### ENTRIES PROVIDED

(* Let $x^\ast\in\mathcal C$ be a local minimizer of the MPVC, and assume $f$ is locally Lipschitz continuous around $x^\ast$. If MPVC-generalized quasinormality holds at $x^\ast$, then the MPVC-tailored penalty function $P_\alpha$ is exact at $x^\ast$: there exists $\bar\alpha\ge 0$ such that $x^\ast$ is a local minimizer of $P_\alpha$ over $\mathbb R^n$ for every $\alpha\ge\bar\alpha$. (One may take $\bar\alpha=cL$, where $L$ is a local Lipschitz constant of $f$ near $x^\ast$ and $c>0$ is a constant depending only on the constraints and $x^\ast$.)
   Context: MPVC setup. Let $f,g_1,\dots,g_m,h_1,\dots,h_l,G_1,\dots,G_q,H_1,\dots,H_q:\mathbb R^n\to\mathbb R$ be continuously differentiable. The MPVC is: minimize $f(x)$ subject to $g_i(x)\le 0$ $(i=1,\dots,m)$, $h_j(x)=0$ $(j=1,\dots,l)$, $H_i(x)\ge 0$ and $G_i(x)H_i(x)\le 0$ $(i=1,\dots,q)$. Its feasible set is denoted $\mathcal C$. For $x^\ast\in\mathcal C$ define the index sets $I_g=\{i: g_i(x^\ast)=0\}$, $I_+=\{i:H_i(x^\ast)>0\}$, $I_0=\{i:H_i(x^\ast)=0\}$, $I_{+0}=\{i:H_i(x^\ast)>0,\ G_i(x^\ast)=0\}$, $I_{+-}=\{i:H_i(x^\ast)>0,\ G_i(x^\ast)<0\}$, $I_{0+}=\{i:H_i(x^\ast)=0,\ G_i(x^\ast)>0\}$, $I_{0-}=\{i:H_i(x^\ast)=0,\ G_i(x^\ast)<0\}$, $I_{00}=\{i:H_i(x^\ast)=0,\ G_i(x^\ast)=0\}$. Admissible multipliers. A vector $(\lambda,\mu,\eta^G,\eta^H)\in\mathbb R^m\times\mathbb R^l\times\mathbb R^q\times\mathbb R^q$ is called an admissible multiplier at $x^\ast$ if (i) $\sum_{i=1}^m\lambda_i\nabla g_i(x^\ast)+\sum_{j=1}^l\mu_j\nabla h_j(x^\ast)+\sum_{i=1}^q\eta^G_i\nabla G_i(x^\ast)-\sum_{i=1}^q\eta^H_i\nabla H_i(x^\ast)=0$; (ii) $\lambda_i\ge0$ for $i\in I_g$, $\lambda_i=0$ for $i\notin I_g$; $\eta^G_i=0$ for $i\in I_{+-}\cup I_{0-}\cup I_{0+}$, $\eta^G_i\ge0$ for $i\in I_{+0}\cup I_{00}$; $\eta^H_i=0$ for $i\in I_+$, $\eta^H_i\ge 0$ for $i\in I_{0-}$, $\eta^H_i$ free for $i\in I_{0+}$; and $\eta^H_i\eta^G_i=0$ for $i\in I_{00}$. MPVC-generalized quasinormality holds at $x^\ast\in\mathcal C$ if there is no nonzero admissible multiplier $(\lambda,\mu,\eta^G,\eta^H)$ at $x^\ast$ for which there exists a sequence $x^k\to x^\ast$ such that for all $k$: $\lambda_i>0\Rightarrow \lambda_i g_i(x^k)>0$; $\mu_j\ne0\Rightarrow\mu_j h_j(x^k)>0$; $\eta^H_i\neq0\Rightarrow \eta^H_iH_i(x^k)<0$; $\eta^G_i>0\Rightarrow\eta^G_iG_i(x^k)>0$. MPVC-tailored penalty function: for $\alpha\ge0$, $P_\alpha(x)=f(x)+\alpha\Big[\sum_{i=1}^m\max\{0,g_i(x)\}+\sum_{j=1}^l|h_j(x)|+\sum_{i=1}^q\max\{0,-H_i(x),\min\{G_i(x),H_i(x)\}\}\Big]$. (This equals $f(x)+\alpha\,\mathrm{dist}_\Delta(F(x))$ in the $\ell_1$-norm, where $F(x)=(g(x),h(x),(G_i(x),H_i(x))_{i=1}^q)$ and $\Delta=(-\infty,0]^m\times\{0\}^l\times\Omega^q$ with $\Omega=\{(a,b)\in\mathbb R^2: b\ge0,\ ab\le0\}$.) *)

From mathcomp Require Import ssreflect ssrfun ssrbool eqtype ssrnat seq choice fintype bigop.
From Stdlib Require Import Reals.
Open Scope R_scope.

Definition vec (n : nat) := 'I_n -> R.

Definition rsum {k : nat} (F : 'I_k -> R) : R := \big[Rplus/0%R]_(i < k) F i.

Definition dot {n} (u v : vec n) : R := rsum (fun i => u i * v i).
Definition vnorm {n} (u : vec n) : R := sqrt (dot u u).
Definition vsub {n} (u v : vec n) : vec n := fun i => u i - v i.
Definition dist {n} (u v : vec n) : R := vnorm (vsub u v).

Definition has_gradient {n} (f : vec n -> R) (x : vec n) (d : vec n) : Prop :=
  forall eps, 0 < eps -> exists delta, 0 < delta /\
    forall y, dist y x < delta ->
      Rabs (f y - f x - dot d (vsub y x)) <= eps * dist y x.

Definition is_C1 {n} (f : vec n -> R) (df : vec n -> vec n) : Prop :=
  (forall x, has_gradient f x (df x)) /\
  (forall x eps, 0 < eps -> exists delta, 0 < delta /\
      forall y, dist y x < delta -> dist (df y) (df x) < eps).

Definition locally_lipschitz {n} (f : vec n -> R) (x0 : vec n) : Prop :=
  exists L delta, 0 <= L /\ 0 < delta /\
    forall y z, dist y x0 < delta -> dist z x0 < delta ->
      Rabs (f y - f z) <= L * dist y z.

Definition seq_converges {n} (xs : nat -> vec n) (x0 : vec n) : Prop :=
  forall eps, 0 < eps -> exists N, forall k, (N <= k)%nat -> dist (xs k) x0 < eps.

Section MPVC.
Context {n m l q : nat}
  (f : vec n -> R) (g : 'I_m -> vec n -> R) (h : 'I_l -> vec n -> R)
  (G H : 'I_q -> vec n -> R).

Definition feasible (x : vec n) : Prop :=
  (forall i, g i x <= 0) /\ (forall j, h j x = 0) /\
  (forall i, 0 <= H i x /\ G i x * H i x <= 0).

Definition local_min_on (phi : vec n -> R) (S : vec n -> Prop) (xs : vec n) : Prop :=
  exists eps, 0 < eps /\ forall y, S y -> dist y xs < eps -> phi xs <= phi y.

Definition mpvc_local_min (xs : vec n) : Prop :=
  feasible xs /\ local_min_on f feasible xs.

(* admissible multipliers at xs; dg, dh, dG, dH are the gradient maps *)
Definition admissible (dg : 'I_m -> vec n -> vec n) (dh : 'I_l -> vec n -> vec n)
  (dG dH : 'I_q -> vec n -> vec n) (xs : vec n)
  (lam : 'I_m -> R) (mu : 'I_l -> R) (etaG etaH : 'I_q -> R) : Prop :=
  (forall k : 'I_n,
     rsum (fun i => lam i * dg i xs k) + rsum (fun j => mu j * dh j xs k)
     + rsum (fun i => etaG i * dG i xs k) - rsum (fun i => etaH i * dH i xs k) = 0) /\
  (forall i, g i xs = 0 -> 0 <= lam i) /\
  (forall i, g i xs <> 0 -> lam i = 0) /\
  (forall i, 0 < H i xs -> G i xs < 0 -> etaG i = 0) /\
  (forall i, H i xs = 0 -> G i xs < 0 -> etaG i = 0) /\
  (forall i, H i xs = 0 -> 0 < G i xs -> etaG i = 0) /\
  (forall i, 0 < H i xs -> G i xs = 0 -> 0 <= etaG i) /\
  (forall i, H i xs = 0 -> G i xs = 0 -> 0 <= etaG i) /\
  (forall i, 0 < H i xs -> etaH i = 0) /\
  (forall i, H i xs = 0 -> G i xs < 0 -> 0 <= etaH i) /\
  (forall i, H i xs = 0 -> G i xs = 0 -> etaH i * etaG i = 0).

Definition nonzero_multiplier (lam : 'I_m -> R) (mu : 'I_l -> R) (etaG etaH : 'I_q -> R) : Prop :=
  (exists i, lam i <> 0) \/ (exists j, mu j <> 0) \/
  (exists i, etaG i <> 0) \/ (exists i, etaH i <> 0).

Definition MPVC_GQN (dg : 'I_m -> vec n -> vec n) (dh : 'I_l -> vec n -> vec n)
  (dG dH : 'I_q -> vec n -> vec n) (xs : vec n) : Prop :=
  ~ exists lam mu etaG etaH (xk : nat -> vec n),
      admissible dg dh dG dH xs lam mu etaG etaH /\
      nonzero_multiplier lam mu etaG etaH /\
      seq_converges xk xs /\
      forall k,
        (forall i, 0 < lam i -> 0 < lam i * g i (xk k)) /\
        (forall j, mu j <> 0 -> 0 < mu j * h j (xk k)) /\
        (forall i, etaH i <> 0 -> etaH i * H i (xk k) < 0) /\
        (forall i, 0 < etaG i -> 0 < etaG i * G i (xk k)).

Definition penalty (alpha : R) (x : vec n) : R :=
  f x + alpha * (rsum (fun i => Rmax 0 (g i x)) + rsum (fun j => Rabs (h j x))
                 + rsum (fun i => Rmax 0 (Rmax (- H i x) (Rmin (G i x) (H i x))))).

Definition exact_penalty_at (xs : vec n) : Prop :=
  exists abar, 0 <= abar /\
    forall alpha, abar <= alpha -> local_min_on (penalty alpha) (fun _ => True) xs.

End MPVC.

(* Clarke's exact penalization: if the infeasibility measure [infeas] (the l1 constraint
   residual, so that [penalty alpha = f + alpha * infeas]) admits a local error bound
   dist(y, C) <= c * infeas y near x*, then for alpha >= c L every y near x* has a feasible z
   with f x* <= f z <= f y + L c infeas y <= penalty alpha y.

   The error bound follows from MPVC-generalized quasinormality by contradiction. If it fails,
   there are y_k -> x* with (k + 1) infeas y_k < dist(y_k, C). Minimizing
   sqrt W + 2 / (k + 1) dist(_, y_k), where W = [sq_infeas] is the squared residual, over a small
   ball around y_k gives z_k -> x* with W z_k > 0 at which the gradient of a smooth upper model
   of W (the min in the vanishing-constraint residual frozen at its active branch) is
   o(sqrt (W z_k)). The residuals divided by sqrt (W z_k) are approximate multipliers of norm
   one; along a convergent subsequence they tend to a nonzero admissible multiplier whose signs
   agree with the constraint values at z_k, contradicting quasinormality. *)

From HB Require Import structures.
From mathcomp Require Import ssreflect ssrfun ssrbool eqtype ssrnat seq fintype bigop.
From Stdlib Require Import Reals Psatz Classical ClassicalEpsilon.
From mathcomp Require Import zify.
(* After [Reals], whose [Rtopology] exports another [dist]. *)
Open Scope R_scope.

### TASK STATEMENT
All lines in the listing above between the line with "xs -> G i xs = 0" and the line with "dist(y, C) <= c", inclusive, should be set down exactly, and no line outside that range.

### WRITTEN REPLY
  (forall i, 0 < H i xs -> G i xs = 0 -> 0 <= etaG i) /\
  (forall i, H i xs = 0 -> G i xs = 0 -> 0 <= etaG i) /\
  (forall i, 0 < H i xs -> etaH i = 0) /\
  (forall i, H i xs = 0 -> G i xs < 0 -> 0 <= etaH i) /\
  (forall i, H i xs = 0 -> G i xs = 0 -> etaH i * etaG i = 0).

Definition nonzero_multiplier (lam : 'I_m -> R) (mu : 'I_l -> R) (etaG etaH : 'I_q -> R) : Prop :=
  (exists i, lam i <> 0) \/ (exists j, mu j <> 0) \/
  (exists i, etaG i <> 0) \/ (exists i, etaH i <> 0).

Definition MPVC_GQN (dg : 'I_m -> vec n -> vec n) (dh : 'I_l -> vec n -> vec n)
  (dG dH : 'I_q -> vec n -> vec n) (xs : vec n) : Prop :=
  ~ exists lam mu etaG etaH (xk : nat -> vec n),
      admissible dg dh dG dH xs lam mu etaG etaH /\
      nonzero_multiplier lam mu etaG etaH /\
      seq_converges xk xs /\
      forall k,
        (forall i, 0 < lam i -> 0 < lam i * g i (xk k)) /\
        (forall j, mu j <> 0 -> 0 < mu j * h j (xk k)) /\
        (forall i, etaH i <> 0 -> etaH i * H i (xk k) < 0) /\
        (forall i, 0 < etaG i -> 0 < etaG i * G i (xk k)).

Definition penalty (alpha : R) (x : vec n) : R :=
  f x + alpha * (rsum (fun i => Rmax 0 (g i x)) + rsum (fun j => Rabs (h j x))
                 + rsum (fun i => Rmax 0 (Rmax (- H i x) (Rmin (G i x) (H i x))))).

Definition exact_penalty_at (xs : vec n) : Prop :=
  exists abar, 0 <= abar /\
    forall alpha, abar <= alpha -> local_min_on (penalty alpha) (fun _ => True) xs.

End MPVC.

(* Clarke's exact penalization: if the infeasibility measure [infeas] (the l1 constraint
   residual, so that [penalty alpha = f + alpha * infeas]) admits a local error bound
   dist(y, C) <= c * infeas y near x*, then for alpha >= c L every y near x* has a feasible z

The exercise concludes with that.